Por monica.lima

Brasília - Após divergirem sobre a abrangência e a duração de um novo regime automotivo, os governos do Brasil e da Argentina finalmente chegaram a um entendimento e acertaram a prorrogação do acordo vigente por mais um ano, sem mudanças no regime atual — o que beneficiará mais ao Brasil do que à Argentina. Ao Brasil Econômico, fontes que participaram das negociações bilaterais disseram que o anúncio será feito em até duas semanas. A ideia é incluir a renovação do convênio de livre comércio com a Argentina no âmbito do Plano Nacional de Exportações, que será anunciado pela presidenta Dilma Rousseff em 23 de junho.

Os dois países têm pressa. Em 1º de julho vence o acordo atual, o que poderá colocar em risco o já enfraquecido comércio bilateral. Embora o acordo automotivo ainda esteja vigente, as exportações brasileiras de automóveis, peças e tratores para a Argentina vêm perdendo força, e recuaram 18,2% até maio. Situação ainda mais delicada enfrenta a indústria automotiva daquele país, que viu as vendas para o Brasil caírem 31%.

A prorrogação do convênio atual seria anunciada há um mês, mas as conversas bilaterais esfriaram devido a um impasse político com o país vizinho. No fim de maio, em viagem a Buenos Aires, os ministros brasileiros das Relações Exteriores, Mauro Vieira, e do Desenvolvimento e Indústria, Armando Monteiro, chegaram a obter um sinal verde dos representantes da Casa Rosada. À época, chegou-se a acertar que o novo acordo teria duração maior do que o atual, que é renovado a cada ano, e seria mais abrangente.

Mas, na última hora, os argentinos recuaram. “Eles não querem comprometer o governo com algo que poderá ser revisto tão logo assuma um novo presidente. Então, no ano que vem, os países sentam-se e decidem como vão fazer a renovação do acordo atual”, conta uma fonte com conhecimento do assunto.

Não se trata de mero detalhe. Assolada por uma inflação recorde pela crise econômica que paralisa a indústria nacional, a Argentina definirá em 27 de outubro um sucessor para a presidente Cristina Kirchner. Chegando ao fim de segundo mandato, o governo concluiu que, dado o momento de instabilidade política local e a necessidade de se emplacar um sucessor para Cristina na Casa Rosada, o melhor a fazer era não se comprometer com uma “longa e ampla” discussão do acordo automotivo, como queria o Brasil.

O presidente da Associação Nacional dos Fabricantes de Veículos Automotores (Anfavea), Luiz Moan, sustenta que a renovação do acordo atual ajuda a desovar estoques elevados da indústria num momento em que as vendas no país dão sinais de enfraquecimento. “Buscar novos mercados para nossa produção e garantir a continuidade das exportações atuais é uma das maneiras mais eficientes de assegurar empregos”, diz.

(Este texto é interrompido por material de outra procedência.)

Lemma eq_bool_iff {T : Type} (x y a b : T) : (x = y <-> a = b) -> eq_bool x y = eq_bool a b.
Proof.
  unfold eq_bool. intro H.
  destruct (excluded_middle_informative (x = y)), (excluded_middle_informative (a = b)); tauto.
Qed.

Fixpoint xor_sum (f : nat -> bool) (n : nat) : bool :=
  match n with O => false | S n => xorb (xor_sum f n) (f n) end.

Lemma xor_sum_ext f g n : (forall p, p < n -> f p = g p) -> xor_sum f n = xor_sum g n.
Proof. induction n; simpl; intros; auto. rewrite IHn, H; auto. Qed.

Lemma xor_sum_add f a b :
  xor_sum f (a + b) = xorb (xor_sum f a) (xor_sum (fun p => f (a + p)) b).
Proof.
  induction b; simpl.
  - rewrite Nat.add_0_r, xorb_false_r. reflexivity.
  - rewrite Nat.add_succ_r. simpl. rewrite IHb, xorb_assoc. reflexivity.
Qed.

Lemma xor_sum_pairs g n :
  xor_sum (fun q => xorb (g (2 * q)) (g (2 * q + 1))) n = xor_sum g (2 * n).
Proof.
  induction n; [reflexivity|].
  replace (2 * S n) with (S (S (2 * n))) by lia.
  change (xorb (xor_sum (fun q => xorb (g (2 * q)) (g (2 * q + 1))) n)
            (xorb (g (2 * n)) (g (2 * n + 1)))
          = xorb (xorb (xor_sum g (2 * n)) (g (2 * n))) (g (S (2 * n)))).
  rewrite IHn. replace (2 * n + 1) with (S (2 * n)) by lia. rewrite xorb_assoc. reflexivity.
Qed.

Section TitsGroup.
Variable W : Group.

Definition tits_mul (p q : W * (W -> bool)) : W * (W -> bool) :=
  (gmul (fst p) (fst q), fun y => xorb (snd q y) (snd p (gconj W (fst q) y))).

Definition tits_inv (p : W * (W -> bool)) : W * (W -> bool) :=
  (ginv (fst p), fun y => snd p (gconj W (ginv (fst p)) y)).

Lemma tits_mulA x y z : tits_mul x (tits_mul y z) = tits_mul (tits_mul x y) z.
Proof.
  destruct x, y, z. unfold tits_mul; simpl. f_equal; [apply gmulA|].
  apply functional_extensionality; intro t. rewrite gconj_mul, xorb_assoc. reflexivity.
Qed.

Lemma tits_mul1 x : tits_mul (gone, fun _ => false) x = x.
Proof.
  destruct x. unfold tits_mul; simpl. f_equal; [apply gmul1|].
  apply functional_extensionality; intro t. apply xorb_false_r.
Qed.

Lemma tits_mulV x : tits_mul (tits_inv x) x = (gone, fun _ => false).
Proof.
  destruct x. unfold tits_mul, tits_inv; simpl. f_equal; [apply gmulV|].
  apply functional_extensionality; intro t. rewrite gconjK. apply xorb_nilpotent.
Qed.

(* The semidirect product of W with its power set, sets being encoded by their
   indicator functions. *)
Definition tits_group : Group :=
  {| gcar := W * (W -> bool); gmul := tits_mul; gone := (gone, fun _ => false);
     ginv := tits_inv; gmulA := tits_mulA; gmul1 := tits_mul1; gmulV := tits_mulV |}.

Lemma gpow_tits (p : tits_group) n :
  gpow tits_group p n =
  (gpow W (fst p) n, fun y => xor_sum (fun q => snd p (gconj W (gpow W (fst p) q) y)) n).
Proof. induction n; [reflexivity|]. simpl gpow. rewrite IHn. reflexivity. Qed.

End TitsGroup.

Section CoxeterGenerators.
Variable I : Type.
Variable W : Group.
Variable s : I -> W.
Hypothesis s_involutive : forall i, gmul (s i) (s i) = gone.

Lemma ginv_gen i : ginv (s i) = s i.
Proof. apply ginv_unique, s_involutive. Qed.

Definition tits_gen (i : I) : tits_group W := (s i, fun y => eq_bool y (s i)).

(* With r = s_i s_j and rho = s_j s_i, the set attached to (tits_gen i tits_gen j)^n
   is the sum mod 2 of the singletons {rho^p s_j} for p < 2n; when r^n = 1 the
   list rho^p s_j is n-periodic, so every reflection occurs an even number of
   times. *)
Lemma tits_gen_relation i j n :
  gpow W (gmul (s i) (s j)) n = gone ->
  gpow (tits_group W) (gmul (tits_gen i) (tits_gen j)) n = gone.
Proof.
  intro Hr. set (r := gmul (s i) (s j)) in *. set (rho := gmul (s j) (s i)).
  assert (Hrho : ginv r = rho) by (unfold r, rho; rewrite ginv_gmul, !ginv_gen; auto).
  assert (Hrho' : ginv rho = r) by (rewrite <- Hrho; apply ginv_involutive).
  assert (Hswap : forall q, gmul (s j) (gpow W r q) = gmul (gpow W rho q) (s j)).
  { induction q; simpl; [rewrite gmul1, gmul1_r; auto|].
    rewrite gmulA. replace (gmul (s j) r) with (gmul rho (s j))
      by (unfold r, rho; rewrite <- !gmulA; auto).
    rewrite <- gmulA, IHq, gmulA. auto. }
  assert (Heven : forall q, gconj W (ginv (gpow W r q)) (s j) = gmul (gpow W rho (2 * q)) (s j)).
  { intro q. unfold gconj. rewrite ginv_involutive, Hswap, gpow_ginv, Hrho, gmulA.
    f_equal. rewrite <- gpow_add. f_equal. lia. }
  assert (Hodd : forall q, gconj W (ginv (gmul (s j) (gpow W r q))) (s i) =
                           gmul (gpow W rho (2 * q + 1)) (s j)).
  { intro q. unfold gconj.
    rewrite ginv_involutive, Hswap, ginv_gmul, ginv_gen, gpow_ginv, Hrho', Hswap, !gmulA.
    f_equal. rewrite <- (gmulA _ _ (s j) (s i)). fold rho.
    rewrite <- gpow_comm. change (gmul rho (gpow W rho q)) with (gpow W rho (S q)).
    rewrite <- gpow_add. f_equal. lia. }
  simpl gmul. unfold tits_mul. rewrite gpow_tits. simpl. fold r. rewrite Hr. f_equal.
  apply functional_extensionality; intro y.
  set (g := fun p => eq_bool y (gmul (gpow W rho p) (s j))).
  rewrite (xor_sum_ext _ (fun q => xorb (g (2 * q)) (g (2 * q + 1)))).
  - rewrite xor_sum_pairs. replace (2 * n) with (n + n) by lia. rewrite xor_sum_add.
    rewrite (xor_sum_ext (fun p => g (n + p)) g); [apply xorb_nilpotent|].
    intros p _. unfold g.
    rewrite gpow_add, <- Hrho, <- gpow_ginv, Hr, ginv_one, gmul1. reflexivity.
  - intros q _. unfold g. f_equal; apply eq_bool_iff.
    + rewrite <- Heven. apply gconj_eq.
    + rewrite <- Hodd, <- gconj_mul. apply gconj_eq.
Qed.

Section Bruhat.
Hypothesis s_generates : forall w, in_gen_subgroup W s (fun _ => True) w.
Variable N : W -> W -> bool.
Hypothesis N_mul : forall x y t, N (gmul x y) t = xorb (N y t) (N x (gconj W y t)).
Hypothesis N_gen : forall i t, N (s i) t = eq_bool t (s i).

Lemma N_one t : N gone t = false.
Proof.
  pose proof (N_mul gone gone t) as H. rewrite gmul1, gconj_one in H.
  destruct (N gone t); simpl in H; congruence.
Qed.

Lemma prod_word_app l1 l2 :
  prod_word W s (l1 ++ l2) = gmul (prod_word W s l1) (prod_word W s l2).
Proof. induction l1; simpl; [rewrite gmul1 | rewrite IHl1, gmulA]; reflexivity. Qed.

Lemma N_exchange l t : N (prod_word W s l) t = true ->
  exists l', S (length l') = length l /\ prod_word W s l' = gmul (prod_word W s l) t.
Proof.
  induction l as [|i l IH]; simpl; intro H.
  - rewrite N_one in H; discriminate.
  - rewrite N_mul, N_gen in H. destruct (N (prod_word W s l) t) eqn:E.
    + destruct (IH eq_refl) as [l' [Hl Hp]]. exists (i :: l'). simpl.
      split; [lia|]. rewrite Hp, gmulA. reflexivity.
    + rewrite xorb_false_l in H. apply (eq_bool_true (T := W)) in H.
      exists l. split; [reflexivity|].
      set (p := prod_word W s l) in *. unfold gconj in H.
      assert (Hpt : gmul p t = gmul (s i) p) by (rewrite <- H, <- !gmulA, gmulV, gmul1_r; auto).
      rewrite <- gmulA, Hpt, gmulA, s_involutive, gmul1. reflexivity.
Qed.

Lemma exists_reduced_word x : exists l, prod_word W s l = x /\
  forall n, has_word_of_length W s x n -> length l <= n.
Proof.
  assert (Hword : exists n, has_word_of_length W s x n).
  { destruct (s_generates x) as [l [_ <-]]. exists (length l), (map snd l).
    split; [apply length_map|].
    induction l as [|[[|] i] l IH]; simpl; rewrite ?IH, ?ginv_gen; auto. }
  destruct (dec_inh_nat_subset_has_unique_least_element _ (fun n => classic _) Hword)
    as [n [[[l [Hl Hp]] Hmin] _]].
  exists l. split; [exact Hp|]. rewrite Hl. exact Hmin.
Qed.

Lemma len_lt_asym x y : len_lt W s x y -> ~ len_lt W s y x.
Proof. intros [n [Hn Hx]] [m [Hm Hy]]. specialize (Hx m Hm). specialize (Hy n Hn). lia. Qed.

Lemma N_true_len_lt x t : N x t = true -> len_lt W s (gmul x t) x.
Proof.
  intro H. destruct (exists_reduced_word x) as [l [<- Hmin]].
  destruct (N_exchange l t H) as [l' [Hl Hp]].
  exists (length l'). split; [exists l'; auto|].
  intros n' Hn'. specialize (Hmin n' Hn'). lia.
Qed.

Lemma reflection_involutive t : reflection W s t -> gmul t t = gone.
Proof.
  intros [x [i ->]].
  rewrite <- !gmulA, (gmulA _ (ginv x)), gmulV, gmul1, (gmulA _ (s i)), s_involutive, gmul1.
  apply gmulV_r.
Qed.

Lemma reflection_gen i : reflection W s (s i).
Proof. exists gone, i. rewrite ginv_one, gmul1_r, gmul1. reflexivity. Qed.

Lemma reflection_gconj x t : reflection W s t -> reflection W s (gconj W x t).
Proof. intros [y [j ->]]. exists (gmul x y), j. symmetry. exact (gconj_mul W x y (s j)). Qed.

Números divulgados ontem pela entidade sugerem um quadro desolador para o setor. Em maio, a produção de veículos no Brasil registrou o pior resultado para o mês desde 2005: queda de 25,3% frente a abril. A boa notícia foi a reação da exportação de automóveis, que cresceu 41,7% na passagem para maio, mas, quando são levados em conta os valores recebidos pelas empresas, o desempenho está aquém do esperado. No ano, a queda das receitas com exportação de veículos, segundo a Anfavea, já chega a 12,1%.

A desistência de ampliar o acordo também trouxe prejuízos para a Argentina. Até maio, os governos haviam acertado a inclusão de uma cláusula que estabeleceria uma cota anual de importação de partes e equipamentos automotivos, o que em tese favoreceria o setor de autopeças argentino. Sem acordo, foi acertada a prorrogação do regime atual, que é mais vantajoso para o Brasil, que pode exportar até 1,5 milhão de automóveis, do que para a Argentina, que é autorizada a vender milhão de unidades de veículos para o Brasil.

Ex-secretário de Comércio Exterior do Mdic e professor no Instituto Rio Branco, Welber Barral recomenda uma revisão mais ampla do regime. “Hoje, o acordo basicamente estabelece certa proporcionalidade entre o que os países importam e exportam um para o outro. Além disso, esse prazo de apenas um ano acaba gerando muita incerteza, porque sempre que está para vencer o acordo, vira essa novela pela renovação”, diz.